We introduce a model-based hypothesis testing approach for evaluating single-cell RNA-sequencing (scRNA-seq) clusters. This approach is implemented in two ways: (1) a stand-alone clustering pipeline with built-in hypothesis testing to produce clusters corresponding to distinct cell populations and (2) a post-hoc method that can evaluate the statistical significance of any provided set of clusters.

Our package can be installed as follows:

# install.packages("devtools")
devtools::install_github("igrabski/sc-SHC")

Usage

To use the stand-alone clustering pipeline, sc-SHC (single-cell significance of hierarchical clustering), the following command can be used:

library(scSHC)
clusters <- scSHC(data)

Here, data should be a (possibly sparse) matrix where the rows are genes and the columns are cells. Optionally, the following parameters can be adjusted:

  • batch, which is NULL by default, can be a character vector of known batch labels.
  • alpha, which controls the family-wise error rate (default 0.05). If the goal is discovery, consider setting a more lenient alpha, such as 0.25.
  • num_features, which controls the number of genes used (default 2500).
  • num_PCs, which controls the number of principal components (default 30).
  • parallel, which is TRUE by default, can be set to FALSE to disable parallelization.
  • cores, which controls the number of cores used if parallel = T (default 2).

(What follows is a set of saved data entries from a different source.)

(* Let $X$ be a finite set, $f:2^X\to\mathbb{R}_{\ge0}$ a normalized monotone submodular function, $n\ge 2$ an integer with $n\le|X|$, and $S^*\in\arg\max_{S\subseteq X,\,|S|\le n}f(S)$. Let $S=S_n=\{x_1,\dots,x_n\}$ be produced by the optimistic algorithm ($S_0=\emptyset$, $x_i\in\arg\max_{x\in X\setminus S_{i-1}}\bar f(x\mid S_{i-1})$, $S_i=S_{i-1}\cup\{x_i\}$), and assume $\bar f(x_i\mid S_{i-1})>0$ for $3\le i\le n$. Then \[ f(S)\ \ge\ \left(1-e^{-\frac{1}{n}\left(2+\sum_{i=3}^n \frac{f(x_i\mid S_{i-1})}{\bar f(x_i\mid S_{i-1})}\right)}\right) f(S^* ). \] Equivalently, in terms of the 2-marginal curvature $c_2(x\mid S)=1-f(x\mid S)/\bar f(x\mid S)$, \[ f(S)\ \ge\ \left(1-e^{-\frac{1}{n}\left(2+\sum_{i=3}^n (1-c_2(x_i\mid S_{i-1}))\right)}\right) f(S^* ). \]
   Context: $f(x\mid A):=f(A\cup\{x\})-f(A)$, $f(x):=f(\{x\})$, $f(x\mid y):=f(x\mid\{y\})$. Pairwise upper estimate: $\bar f(x\mid S):=\min_{A\subseteq S,\,|A|\le1} f(x\mid A)$ (so $\bar f(x\mid\emptyset)=f(x)$ and $\bar f(x\mid S)=\min_{y\in S}f(x\mid y)$ for $S\neq\emptyset$). The $k$-marginal curvature of $f$ at $x\in X\setminus S$ given $S$ is $c_k(x\mid S)=1-\max_{A\subseteq S,|A|<k} f(x\mid S)/f(x\mid A)$; for $k=2$ this equals $1-f(x\mid S)/\bar f(x\mid S)$. *)

From HB Require Import structures.
From mathcomp Require Import all_boot all_order all_algebra.
From mathcomp Require Import all_classical all_reals all_analysis.
Set Implicit Arguments. Unset Strict Implicit. Unset Printing Implicit Defensive.
Import Order.TTheory GRing.Theory Num.Theory.
Local Open Scope ring_scope.

Section Defs.
Variables (R : realType) (X : finType).
Implicit Types (f : {set X} -> R) (A B S : {set X}) (x : X).

Definition marg f x A : R := f (x |: A) - f A.

Definition fbar f x S : R :=
  \big[Order.min/marg f x (@finset.set0 X)]_(A in powerset S | (#|A| <= 1)%N) marg f x A.

Definition sf_normalized f := f (@finset.set0 X) = 0.
Definition sf_nonneg f := forall A, 0 <= f A.
Definition sf_monotone f := forall A B, A \subset B -> f A <= f B.
Definition sf_submodular f := forall A B, f (A :|: B) + f (A :&: B) <= f A + f B.

(* S_i = {x_1,...,x_i} (0-indexed: elements xs j with j < i) *)
Definition prefix_set (n : nat) (xs : 'I_n -> X) (i : nat) : {set X} :=
  [set xs j | j : 'I_n & (j < i)%N].

Definition optimistic_run f (n : nat) (xs : 'I_n -> X) : Prop :=
  forall i : 'I_n,
    xs i \notin prefix_set xs i /\
    (forall x, x \notin prefix_set xs i -> fbar f x (prefix_set xs i) <= fbar f (xs i) (prefix_set xs i)).

Definition is_opt f (n : nat) (Sstar : {set X}) : Prop :=
  (#|Sstar| <= n)%N /\ forall S, (#|S| <= n)%N -> f S <= f Sstar.
End Defs.

From HB Require Import structures.
From mathcomp Require Import all_boot all_order all_algebra.
From mathcomp Require Import all_classical all_reals all_analysis.
From mathcomp Require Import lra.
Import Order.TTheory GRing.Theory Num.Theory.
Local Open Scope ring_scope.
Set Implicit Arguments. Unset Strict Implicit.

(* Let [T] be an optimal set of size at most [n] and [g_i := f(T) - f(S_i)] the
   gap after [i] optimistic steps.  Every [y] in [T] either lies in [S_i] or has
   [f(y | S_i) <= fbar(y | S_i) <= fbar(x_{i+1} | S_i)], so submodularity gives
   [g_i <= n fbar(x_{i+1} | S_i)].  With [r_i := f(x_{i+1} | S_i) / fbar(x_{i+1} | S_i)]
   (which is [1] for the first two steps, where [|S_i| <= 1] and [fbar] is exact)
   this yields [g_{i+1} <= (1 - r_i / n) g_i <= exp(-r_i / n) g_i], and the bound
   follows by multiplying out. *)

Section PrefixSet.
Variables (X : finType) (n : nat) (xs : 'I_n -> X).

Lemma prefix_setS (i : 'I_n) : prefix_set xs i.+1 = xs i |: prefix_set xs i.
Proof.
apply/finset.setP => z; rewrite finset.in_setU1; apply/imsetP/idP.
- move=> [j]; rewrite finset.inE ltnS leq_eqVlt => /orP[/eqP/val_inj -> | ji] ->.
    by rewrite eqxx.
  by apply/orP; right; apply/imsetP; exists j; rewrite ?finset.inE.
- case/orP => [/eqP ->|/imsetP[j]]; first by exists i; rewrite ?finset.inE.
  by rewrite finset.inE => ji ->; exists j; rewrite // finset.inE ltnW.
Qed.

Lemma card_prefix_set_le1 k : (k <= 1)%N -> (#|prefix_set xs k| <= 1)%N.
Proof.
move=> k1; apply/card_le1_eqP => _ _ /imsetP[j + ->] /imsetP[j' + ->].
rewrite !finset.inE => jk j'k; congr xs; apply: val_inj.
by move: jk j'k; case: k k1 => [|[|]] //=; rewrite !ltnS !leqn0 => _ /eqP-> /eqP->.
Qed.
End PrefixSet.

Section Marginals.
Variables (R : realType) (X : finType) (f : {set X} -> R).
Hypotheses (f_mono : sf_monotone f) (f_submod : sf_submodular f).
Implicit Types (x y : X) (A B S T : {set X}).

Lemma marg_ge0 x A : 0 <= marg f x A.
Proof. by rewrite /marg subr_ge0 f_mono // finset.subsetUr. Qed.

Lemma marg_antimono x A B : A \subset B -> marg f x B <= marg f x A.
Proof.
move=> AB; rewrite /marg.
have := f_submod (x |: A) B.
rewrite -finset.setUA (finset.setUidPr AB).
have : f A <= f ((x |: A) :&: B).
  by apply: f_mono; rewrite finset.subsetI AB finset.subsetUr.
lra.
Qed.

Lemma marg_le_fbar x S : marg f x S <= fbar f x S.
Proof.
rewrite /fbar; apply: (big_ind (fun v => marg f x S <= v)).
- exact/marg_antimono/finset.sub0set.
- by move=> a b ha hb; rewrite le_min ha hb.
- by move=> A /andP[]; rewrite finset.powersetE => AS _; apply: marg_antimono.
Qed.

Lemma fbar_ge0 x S : 0 <= fbar f x S.
Proof. exact: le_trans (marg_ge0 x S) (marg_le_fbar x S). Qed.

Lemma fbar_le_marg x S A : A \subset S -> (#|A| <= 1)%N -> fbar f x S <= marg f x A.
Proof.
move=> AS A1; rewrite /fbar (bigD1 A) /=; last by rewrite finset.powersetE AS.
by rewrite ge_min lexx.
Qed.

Lemma fbar_small x S : (#|S| <= 1)%N -> fbar f x S = marg f x S.
Proof.
by move=> S1; apply/eqP; rewrite eq_le fbar_le_marg // marg_le_fbar.
Qed.

Lemma setU_sub_le_sum_marg S T : f (S :|: T) - f S <= \sum_(y in T) marg f y S.
Proof.
suff sub_seq s : f (S :|: [set y in s]) - f S <= \sum_(y <- s) marg f y S.
  have := sub_seq (enum T); rewrite big_enum.
  by have -> : [set y in enum T] = T by apply/finset.setP => y; rewrite finset.inE mem_enum.
elim: s => [|y s IHs].
  by rewrite big_nil (_ : [set y in [::]] = finset.set0) ?finset.setU0 ?subrr //;
     apply/finset.setP => z; rewrite finset.inE.
have -> : S :|: [set z in y :: s] = y |: (S :|: [set z in s]).
  by apply/finset.setP => z; rewrite !finset.inE; case: (z == y); rewrite ?orbT.
have := marg_antimono y (finset.subsetUl S [set z in s]).
by rewrite big_cons /marg; lra.
Qed.

Lemma gap_le_card_fbar S T x :
  (forall y, y \notin S -> fbar f y S <= fbar f x S) ->
  f T - f S <= #|T|%:R * fbar f x S.
Proof.
move=> x_max.
have T_le : f T <= f (S :|: T) by rewrite f_mono // finset.subsetUr.
have margT : \sum_(y in T) marg f y S <= \sum_(y in T) fbar f x S.
  apply: ler_sum => y _; have [yS | yNS] := boolP (y \in S).
    by rewrite /marg (finset.setUidPr _) ?finset.sub1set // subrr fbar_ge0.
  exact: le_trans (marg_le_fbar y S) (x_max y yNS).
have := setU_sub_le_sum_marg S T.
by rewrite sumr_const -mulr_natl in margT; lra.
Qed.
End Marginals.

Lemma one_sub_mul_le_expR (R : realType) (x g e : R) :
  0 <= x <= 1 -> g <= e -> 0 <= e -> (1 - x) * g <= expR (- x) * e.
Proof.
move=> /andP[x0 x1] ge e0.
apply: le_trans (ler_wpM2l _ ge) (ler_wpM2r e0 _); first by rewrite subr_ge0.
by have := expR_ge1Dx (- x); lra.
Qed.

(* [a k], [c] and [b i] play the roles of [f(S_k)], [f(T)] and [fbar(x_{i+1} | S_i)]. *)
Lemma gap_le_expR_sum (R : realType) (n : nat) (a : nat -> R) (b r : 'I_n -> R) (c : R) :
  (0 < n)%N -> 0 <= c -> 0 <= a 0%N ->
  (forall i : 'I_n, c - a i <= n%:R * b i) ->
  (forall i : 'I_n, 0 <= r i <= 1) ->
  (forall i : 'I_n, r i * b i <= a i.+1 - a i) ->
  forall k, (k <= n)%N ->
  c - a k <= expR (- (n%:R^-1 * \sum_(i < n | (i < k)%N) r i)) * c.
Proof.
move=> n_gt0 c_ge0 a0_ge0 gap_le r01 r_step.
set t : R := n%:R^-1.
have t_gt0 : 0 < t by rewrite invr_gt0 ltr0n.
have tn : t * n%:R = 1 by rewrite mulVf // pnatr_eq0 -lt0n.
have t_le1 : t <= 1 by rewrite invf_le1 ?ler1n ?ltr0n.
elim=> [_ | k IHk lt_kn].
  by rewrite big_pred0 // mulr0 oppr0 expR0 mul1r; lra.
pose i := Ordinal lt_kn.
have sumS : \sum_(j < n | (j < k.+1)%N) r j = r i + \sum_(j < n | (j < k)%N) r j.
  rewrite (bigD1 i) //=; congr (_ + _); apply: eq_bigl => j.
  by rewrite ltnS leq_eqVlt -val_eqE /=; case: eqP => [->|]; rewrite ?ltnn ?andbT.
have [r_ge0 r_le1] := andP (r01 i).
have tr01 : 0 <= t * r i <= 1.
  rewrite mulr_ge0 ?(ltW t_gt0) //=.
  by have := ler_pM (ltW t_gt0) r_ge0 t_le1 r_le1; rewrite mul1r.
have contract : c - a k.+1 <= (1 - t * r i) * (c - a k).
  have tgap : t * (c - a k) <= b i.
    by have := ler_wpM2l (ltW t_gt0) (gap_le i); rewrite mulrA tn mul1r.
  have := ler_wpM2l r_ge0 tgap; have := r_step i; rewrite /=; lra.
rewrite sumS mulrDr opprD expRD -mulrA.
apply: le_trans contract (one_sub_mul_le_expR tr01 (IHk (ltnW lt_kn)) _).
by rewrite mulr_ge0 ?expR_ge0.
Qed.

Lemma sum_ite_lt2 (R : realType) (n : nat) (F : 'I_n -> R) : (2 <= n)%N ->
  \sum_(i < n) (if (2 <= i)%N then F i else 1) = 2 + \sum_(i < n | (2 <= i)%N) F i.
Proof.
move=> n2; rewrite (bigID (fun i : 'I_n => (2 <= i)%N)) /= [RHS]addrC; congr (_ + _).
  by apply: eq_bigr => i ->.
rewrite (eq_bigr (fun _ => 1)) => [|i /negbTE-> //].
rewrite (eq_bigl (fun i : 'I_n => (i < 2)%N)) => [|i]; last by rewrite -ltnNge.
by rewrite -(big_ord_widen n (fun=> 1)) // big_ord_recr big_ord1.
Qed.

Theorem corollary1 (R : realType) (X : finType) (f : {set X} -> R) (n : nat)
  (Sstar : {set X}) (xs : 'I_n -> X) :
  sf_nonneg f -> sf_normalized f -> sf_monotone f -> sf_submodular f ->
  (2 <= n)%N -> (n <= #|X|)%N ->
  is_opt f n Sstar ->
  optimistic_run f xs ->
  (forall i : 'I_n, (2 <= i)%N -> 0 < fbar f (xs i) (prefix_set xs i)) ->
  f (prefix_set xs n) >=
    (1 - expR (- (n%:R^-1 * (2 + \sum_(i < n | (2 <= i)%N)
        marg f (xs i) (prefix_set xs i) / fbar f (xs i) (prefix_set xs i))))) * f Sstar.
Proof.
move=> f_ge0 _ f_mono f_submod n2 _ [Sstar_card _] run fbar_gt0.
have fbar_ge0 := fbar_ge0 f_mono f_submod.
set S := prefix_set xs.
pose r (i : 'I_n) := if (2 <= i)%N then marg f (xs i) (S i) / fbar f (xs i) (S i) else 1.
have r_marg i : r i * fbar f (xs i) (S i) = marg f (xs i) (S i).
  rewrite /r; case: ifP => [i2 | /negbT]; first by rewrite mulfVK ?gt_eqF ?fbar_gt0.
  by rewrite -ltnNge mul1r => i2; rewrite (fbar_small f_mono f_submod) // card_prefix_set_le1.
have r01 i : 0 <= r i <= 1.
  rewrite /r; case: ifP => [i2 | _]; last by rewrite ler01 lexx.
  rewrite divr_ge0 ?(marg_ge0 f_mono) ?fbar_ge0 //=.
  by rewrite ler_pdivrMr ?fbar_gt0 // mul1r (marg_le_fbar f_mono f_submod).
have gap_le (i : 'I_n) : f Sstar - f (S i) <= n%:R * fbar f (xs i) (S i).
  apply: le_trans (gap_le_card_fbar f_mono f_submod _ (run i).2) _.
  by rewrite ler_wpM2r ?fbar_ge0 // ler_nat.
have r_step (i : 'I_n) : r i * fbar f (xs i) (S i) <= f (S i.+1) - f (S i).
  by rewrite r_marg /S prefix_setS.
have := gap_le_expR_sum (a := fun k => f (S k)) (ltnW n2) (f_ge0 _) (f_ge0 _)
  gap_le r01 r_step (leqnn n).
rewrite (eq_bigl _ _ (@ltn_ord n)) /r sum_ite_lt2 //; lra.
Qed.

To evaluate the significance of any provided set of clusters, the following command can be used:

library(scSHC)
new_clusters <- testClusters(data, as.character(clusters))

Here, data is the same as before, and clusters should be a character vector of cluster labels, corresponding to cells in the same order as the columns of the data matrix. The same parameters as above can be adjusted. Additionally, if desired, a given set of genes can be provided through the parameter var.genes rather than allowing our approach to identify informative genes on its own.